I will be going over the workflow I used to determine if we can predict whether a person is male or female based on different variables using the decision tree algorithm.
A decision tree is a decision support tool that uses a tree-like model of decisions and their possible consequences, including chance event outcomes, resource costs, and utility. It is one way to display an algorithm that only contains conditional control statements.

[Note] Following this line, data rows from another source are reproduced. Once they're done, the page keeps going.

(* Let $D$ be a closed $\forall^+$ type of system $\mathcal F$ not containing the type constant $O$. Then $D$ is a syntactical data type, i.e. $D$ is both an input type and an output type.
   Context: $\lambda$-terms are those of the untyped $\lambda$-calculus; $Fv(t)$ denotes the free variables of $t$; a term is normal if it contains no $\beta$-redex. Types of system $\mathcal F$ are built from type variables and type constants (atomic, not quantifiable; $O$ is such a constant) with $\rightarrow$ and $\forall$; only proper types are considered (in every $\forall X A$, $X$ occurs free in $A$). Typing $\Gamma\vdash_{\mathcal F} t:A$ is given by: (ax) $\Gamma \vdash x_i : A_i$ for $x_i:A_i\in\Gamma$; ($\rightarrow_i$) from $\Gamma, x:B \vdash t : C$ infer $\Gamma \vdash \lambda x t : B \rightarrow C$; ($\rightarrow_e$) from $\Gamma \vdash u : B\rightarrow C$ and $\Gamma \vdash v : B$ infer $\Gamma \vdash (u)v : C$; ($\forall_i$) from $\Gamma \vdash t : A$, $X$ not free in $\Gamma$, infer $\Gamma \vdash t : \forall X A$; ($\forall_e$) from $\Gamma \vdash t : \forall X A$ infer $\Gamma \vdash t : A[C/X]$ for any type $C$. $\mathcal F_0$ is $\mathcal F$ without ($\forall_e$). Input type: a closed type $E$ such that for every normal $t$, $\vdash_{\mathcal F} t:E$ implies $\vdash_{\mathcal F_0} t:E$. Output type: a closed type $S$ not containing $O$ such that for every normal $t$ and variable $\alpha$, $\alpha:O\vdash_{\mathcal F} t:S$ implies $\alpha\notin Fv(t)$. The classes $\forall^+$, $\forall^-$: every type variable is both; if $A$ is $\forall^+$ (resp. $\forall^-$) and $B$ is $\forall^-$ (resp. $\forall^+$) then $B\rightarrow A$ is $\forall^+$ (resp. $\forall^-$); if $A$ is $\forall^+$ and $X$ is free in $A$ then $\forall XA$ is $\forall^+$. *)

(* System F with type constants, Curry-style typing of
   untyped (named) lambda-terms. Types use de Bruijn indices for type
   variables; term variables are named by nat. *)
From Stdlib Require Import Arith List.
Import ListNotations.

Decision tree learning is one of the predictive modeling approaches used in statistics, data mining and machine learning. It uses a decision tree (as a predictive model) to go from observations about an item (represented in the branches) to conclusions about the item's target value (represented in the leaves). Tree models where the target variable can take a discrete set of values are called classification trees; in these tree structures, leaves represent class labels and branches represent conjunctions of features that lead to those class labels. Decision trees where the target variable can take continuous values (typically real numbers) are called regression trees.
- 500 rows
- Gender : Male / Female
- Height : Number (cm)
- Weight : Number (Kg)
- Index : Fitness
Index | Fitness |
---|---|
0 | Extremely Weak |
1 | Weak |
2 | Normal |
3 | Overweight |
4 | Obesity |
5 | Extreme Obesity |
- Convert Height from Meters to Inches
- Convert Weight from Kilograms to Pounds
- Calculate BMI using Weight(kg) and Height(m)
- Male = 245 (49%)
- Female = 255 (51%)
Train = 80% (400 rows)
Test = 20% (100 rows)
I am going to use a dummy classifier to have a baseline on how our final model will perform.
Male | Female | |
---|---|---|
Male Actual | True Positive | False Negative |
Female Actual | False Positive | True Negative |
- False Negative 23
Out of 48 observed males, we only correctly identified 25 true males
- False Positive 20
Out of 52 observed females, we only correctly identified 32 true females
Males = 0
Females = 1
Male | Female | |
---|---|---|
Male Actual | True Positive | False Negative |
Female Actual | False Positive | True Negative |
It seems like the decision tree considers BMI the most important feature in our dataset to determine whether the person is male or female. This could make sense because the BMI is calculated with the weight and height of the person. Typically males weight more and are taller than females.
Running the decision tree algorithm does not seem to improve our F1 score. The decision tree model appears to not work well with our data. I will try different models to improve our score.